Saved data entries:
- - - -

Lemma aligned_coupling_bounds {eps eps0 t b x rho : R} :
  0 < eps0 -> eps0 <= 1 / 256 -> eps <= eps0 ^+ 2 / 64 ->
  0 <= t -> 1 - eps <= b <= 1 -> rho ^+ 2 <= 2 - 2 * b ->
  (`|x| <= eps ->
     ((1 + t) * x + t * rho) ^+ 2 <= eps0 ^+ 2 * (1 + 2 * t * b + t ^+ 2)) /\
  (1 - eps <= `|x| ->
     (1 - eps0) ^+ 2 * (1 + 2 * t * b + t ^+ 2) <= ((1 + t) * x + t * rho) ^+ 2).
Proof.
move=> eps0_gt0 eps0_small eps_le t0 /andP[b_lo b_hi] rho_sqr.
have eps_le4 : eps <= eps0 / 4 by nra.
have rho_small : `|rho| <= eps0 / 4 by rewrite norm_le_sqr; nra.
have rho0 := normr_ge0 rho.
have trho : `|t * rho| <= t * (eps0 / 4) by rewrite normrM ger0_norm // ler_wpM2l.
have tx : `|(1 + t) * x| = (1 + t) * `|x| by rewrite normrM ger0_norm //; lra.
split=> hx.
- have num_small : `|(1 + t) * x + t * rho| <= (1 + t) * (eps0 / 2).
    apply: le_trans (ler_normD _ _) _; rewrite tx.
    have : (1 + t) * `|x| <= (1 + t) * eps by apply: ler_wpM2l; lra.
    nra.
  have : (1 + t) ^+ 2 / 4 <= 1 + 2 * t * b + t ^+ 2.
    have : t * (1 - eps) <= t * b by apply: ler_wpM2l.
    nra.
  have : ((1 + t) * x + t * rho) ^+ 2 <= ((1 + t) * (eps0 / 2)) ^+ 2.
    by rewrite -norm_le_sqr //; apply: mulr_ge0; lra.
  by rewrite exprMn => h1 h2; have := ler_wpM2l (sqr_ge0 eps0) h2; nra.
- have num_large : (1 + t) * (1 - eps0 / 2) <= `|(1 + t) * x + t * rho|.
    apply: le_trans (lerB_normD _ _); rewrite tx.
    have : (1 + t) * (1 - eps) <= (1 + t) * `|x| by apply: ler_wpM2l; lra.
    nra.
  have : ((1 + t) * (1 - eps0 / 2)) ^+ 2 <= ((1 + t) * x + t * rho) ^+ 2.
    by rewrite -sqr_le_norm //; apply: mulr_ge0; lra.
  apply: le_trans; rewrite exprMn mulrC.
  by apply: ler_pM; rewrite ?sqr_ge0 //; nra.
Qed.

End RealBounds.

Lemma stable_f0 {R : realType} {f : R -> R} : stable f -> f 0 = 0.
Proof.
move=> [_ sg_f]; apply/eqP; rewrite -sgr_eq0 sg_f ?sgr0 //.
by rewrite oppr_le0 ler01.
Qed.

Lemma stable_small_near0 {R : realType} {f : R -> R} {e : R} : stable f ->
  0 < e -> exists2 eta : R, 0 < eta &
    forall a, -1 <= a <= 1 -> `|a| < eta -> `|f a| <= e.
Proof.
move=> f_stable e0; have [f_cont _] := f_stable.
have dom0 : ([set x : R | -1 <= x <= 1])%classic 0 by rewrite /= oppr_le0 ler01.
have /cvgrPdist_le /(_ e e0) := (proj1 (subspace_continuousP _ _) f_cont) 0 dom0.
rewrite stable_f0 // => /nbhs_ballP[eta eta0 near0].
exists eta => // a a_dom a_small.
by have := near0 a; rewrite sub0r normrN; apply; rewrite // /ball /= sub0r normrN.
Qed.

Section Interaction.
Context {R : realType} {f : R -> R} {n d : nat} {U V : config R n d} {i j : 'I_n}.
Hypotheses (U_sphere : on_sphere U) (UV : interaction f U V i j).

Let a := gram U i j.
Let c := f a.
Let w := U i + c *: U j.

Lemma gram_sphere_le1 k l : `|gram U k l| <= 1.
Proof. by rewrite norm_le_sqr // expr1n -(U_sphere k); apply: dotv_unit_sqr_le. Qed.

Lemma interaction_dotww : dotv w w = 1 + 2 * c * a + c ^+ 2.
Proof.
rewrite /w !(dotvDl, dotvDr, dotvZl, dotvZr) !U_sphere (dotvC (U j) (U i)).
by rewrite -/(gram U i j) -/a; ring.
Qed.

Lemma interaction_dotww_gt0 : 0 < dotv w w.
Proof. by case: UV => _ [w0 _]; rewrite lt_def dotvv_ge0 dotvv_eq0 w0. Qed.

Lemma interaction_row_sqr k : k != i ->
  gram V i k ^+ 2 = (gram U i k + c * gram U j k) ^+ 2 / (1 + 2 * c * a + c ^+ 2).
Proof.
case: UV => _ [_ VE] ki.
rewrite /gram !VE eqxx (negbTE ki) dotvZl dotvDl dotvZl exprMn exprVn.
by rewrite /enorm sqr_sqrtr ?dotvv_ge0 // -/w interaction_dotww mulrC.
Qed.

Lemma interaction_diag : gram V i i = 1.
Proof.
case: UV => _ [_ VE]; have w0 := interaction_dotww_gt0.
rewrite /gram VE eqxx dotvZl dotvZr mulrA -expr2 exprVn /enorm sqr_sqrtr ?dotvv_ge0 //.
by rewrite mulVf // gt_eqF.
Qed.

Lemma interaction_unchanged k l : k != i -> l != i -> gram V k l = gram U k l.
Proof. by case: UV => _ [_ VE] ki li; rewrite /gram !VE (negbTE ki) (negbTE li). Qed.

(* [s * u_j - u_i] has squared length [2 - 2 s a], and Cauchy-Schwarz against
   the unit vector [u_k] bounds its inner product with [u_k]. *)
Lemma aligned_defect_sqr (s : R) k : s ^+ 2 = 1 ->
  (s * gram U j k - gram U i k) ^+ 2 <= 2 - 2 * s * a.
Proof.
move=> s2; have -> : s * gram U j k - gram U i k = dotv (s *: U j - U i) (U k).
  by rewrite dotvDl dotvZl dotvNl.
apply: le_trans (dotv_unit_sqr_le _ _ (U_sphere k)) _.
rewrite !(dotvDl, dotvDr, dotvNl, dotvNr, dotvZl, dotvZr) !U_sphere.
by rewrite (dotvC (U j) (U i)) -/(gram U i j) -/a; nra.
Qed.

Lemma interaction_row_gap {eps eps0 eta : R} k :
  0 < eps0 -> eps0 <= 1 / 256 -> eps <= eps0 ^+ 2 / 64 -> eps < eta ->
  (forall b, -1 <= b <= 1 -> `|b| < eta -> `|f b| <= eps0 / 4) ->
  (forall b, -1 <= b <= 1 -> Num.sg (f b) = Num.sg b) ->
  `|a| <= eps \/ 1 - eps <= `|a| -> k != i ->
  gap_preserved eps eps0 (gram U i k) (gram V i k).
Proof.
move=> eps0_gt0 eps0_small eps_small eps_eta f_small f_sg a_gap ki.
have a_dom : -1 <= a <= 1 by rewrite -ler_norml gram_sphere_le1.
have eps0_1 : 0 <= eps0 <= 1 by apply/andP; split; lra.
apply: (@gap_preserved_sqr_ratio _ _ _ _ _ _ _ _ eps0_1 (interaction_row_sqr k ki)).
  by rewrite -interaction_dotww interaction_dotww_gt0.
case: a_gap => [a_small | a_large].
  have c_small : `|c| <= eps0 / 4 by apply: f_small; lra.
  apply: small_coupling_bounds eps0_gt0 eps0_small _ c_small (gram_sphere_le1 i j)
    (gram_sphere_le1 i k) (gram_sphere_le1 j k).
  by nra.
pose s := Num.sg a; pose t := c * s.
have a0 : a != 0 by apply: contraTneq a_large => ->; rewrite normr0 -ltNge; nra.
have s2 : s ^+ 2 = 1 by rewrite sqr_sg a0.
have t0 : 0 <= t by rewrite /t /s -f_sg // mulrC -normrEsg.
have sa : s * a = `|a| by rewrite normrEsg.
(* [c = t s], so [x + c y = (1 + t) x + t (s y - x)] and [c a = t |a|]. *)
have cE : c = t * s by rewrite /t -mulrA -expr2 s2 mulr1.
have numE : gram U i k + c * gram U j k =
    (1 + t) * gram U i k + t * (s * gram U j k - gram U i k).
  by rewrite cE; ring.
have DE : 1 + 2 * c * a + c ^+ 2 = 1 + 2 * t * (s * a) + t ^+ 2.
  by rewrite cE exprMn s2 mulr1; ring.
have sa_gap : 1 - eps <= s * a <= 1 by rewrite sa a_large gram_sphere_le1.
have defect : (s * gram U j k - gram U i k) ^+ 2 <= 2 - 2 * (s * a).
  by rewrite mulrA aligned_defect_sqr.
rewrite numE DE.
exact: aligned_coupling_bounds eps0_gt0 eps0_small eps_small t0 sa_gap defect.
Qed.

End Interaction.

Section Transfer.
Context {R : realType} {n d : nat} {eps eps0 : R} {U V : config R n d}.
Hypothesis UV_gap : forall k l, gap_preserved eps eps0 (gram U k l) (gram V k l).
Hypothesis U_inactive : inactive eps U.

Lemma inactive_gap_preserved : inactive eps0 V.
Proof.
move=> k l; have [small large] := UV_gap k l.
by case: (U_inactive k l) => [/small | /large]; [left | right].
Qed.

Lemma is_cluster_gap_preserved (C : {set 'I_n}) :
  eps0 < 1 / 2 -> is_cluster eps U C <-> is_cluster eps0 V C.
Proof.
move=> eps0_lt; split=> [[C0 [inC outC]] | [C0 [inC outC]]]; do 2 split => //.
- by move=> k l kC lC; apply: (UV_gap k l).2; apply: inC.
- by move=> k l kC lC; apply: (UV_gap k l).1; apply: outC.
- move=> k l kC lC; case: (U_inactive k l) => // /(UV_gap k l).1.
  by have := inC k l kC lC; lra.
- move=> k l kC lC; case: (U_inactive k l) => // /(UV_gap k l).2.
  by have := outC k l kC lC; lra.
Qed.

End Transfer.

Lemma interaction_gap_preserved {R : realType} {f : R -> R} {n d : nat}
    {U V : config R n d} {i j : 'I_n} {eps eps0 eta : R} :
  stable f -> 0 < eps0 -> eps0 <= 1 / 256 -> eps <= eps0 ^+ 2 / 64 -> eps < eta ->
  (forall b, -1 <= b <= 1 -> `|b| < eta -> `|f b| <= eps0 / 4) ->
  on_sphere U -> interaction f U V i j -> inactive eps U ->
  forall k l, gap_preserved eps eps0 (gram U k l) (gram V k l).
Proof.
move=> [_ f_sg] eps0_gt0 eps0_small eps_small eps_eta f_small U_sphere UV U_inactive.
have row k := interaction_row_gap U_sphere UV k eps0_gt0 eps0_small eps_small eps_eta
  f_small f_sg (U_inactive i j).
have eps_le : eps <= eps0 by nra.
move=> k l; have [->|ki] := eqVneq k i; have [->|li] := eqVneq l i.
- by rewrite (interaction_diag UV) -(U_sphere i); apply: gap_preserved_id.
- exact: row.
- by rewrite /gram dotvC (dotvC (V k)); apply: row.
- by rewrite !(interaction_unchanged UV) //; apply: gap_preserved_id.
Qed.

Theorem mainTheorem18 (R : realType) (f : R -> R) :
  stable f ->
  forall eps0 : R, 0 < eps0 -> eps0 <= 1 / 256 ->
  exists eps : R, 0 < eps /\
    forall (n d : nat) (U V : config R n d),
      on_sphere U -> single_interaction f U V ->
      inactive eps U ->
      inactive eps0 V /\
      (forall C : {set 'I_n}, is_cluster eps U C <-> is_cluster eps0 V C).
Proof.
move=> f_stable eps0 eps0_gt0 eps0_small.
have eps0_4 : 0 < eps0 / 4 by lra.
have [eta eta0 f_small] := stable_small_near0 f_stable eps0_4.
pose eps := Num.min (eps0 ^+ 2 / 64) (eta / 2).
have eps_gt0 : 0 < eps by rewrite lt_min; apply/andP; split; nra.
have eps_small : eps <= eps0 ^+ 2 / 64 by rewrite ge_min lexx.
have eps_eta : eps < eta by rewrite gt_min orbC; lra.
exists eps; split => // n d U V U_sphere [i [j UV]] U_inactive.
have UV_gap := interaction_gap_preserved f_stable eps0_gt0 eps0_small eps_small eps_eta
  f_small U_sphere UV U_inactive.
split; first exact: inactive_gap_preserved UV_gap U_inactive.
by move=> C; apply: is_cluster_gap_preserved UV_gap U_inactive C _; lra.
Qed.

- - - -

WHAT YOU WILL DO: Using the data above, print exactly the lines from the line that contains "eps0 < 1 / 2" through the line that contains "l) => // /(UV_gap k l).2.", with both included.

REPLY TO THE TASK:
  eps0 < 1 / 2 -> is_cluster eps U C <-> is_cluster eps0 V C.
Proof.
move=> eps0_lt; split=> [[C0 [inC outC]] | [C0 [inC outC]]]; do 2 split => //.
- by move=> k l kC lC; apply: (UV_gap k l).2; apply: inC.
- by move=> k l kC lC; apply: (UV_gap k l).1; apply: outC.
- move=> k l kC lC; case: (U_inactive k l) => // /(UV_gap k l).1.
  by have := inC k l kC lC; lra.
- move=> k l kC lC; case: (U_inactive k l) => // /(UV_gap k l).2.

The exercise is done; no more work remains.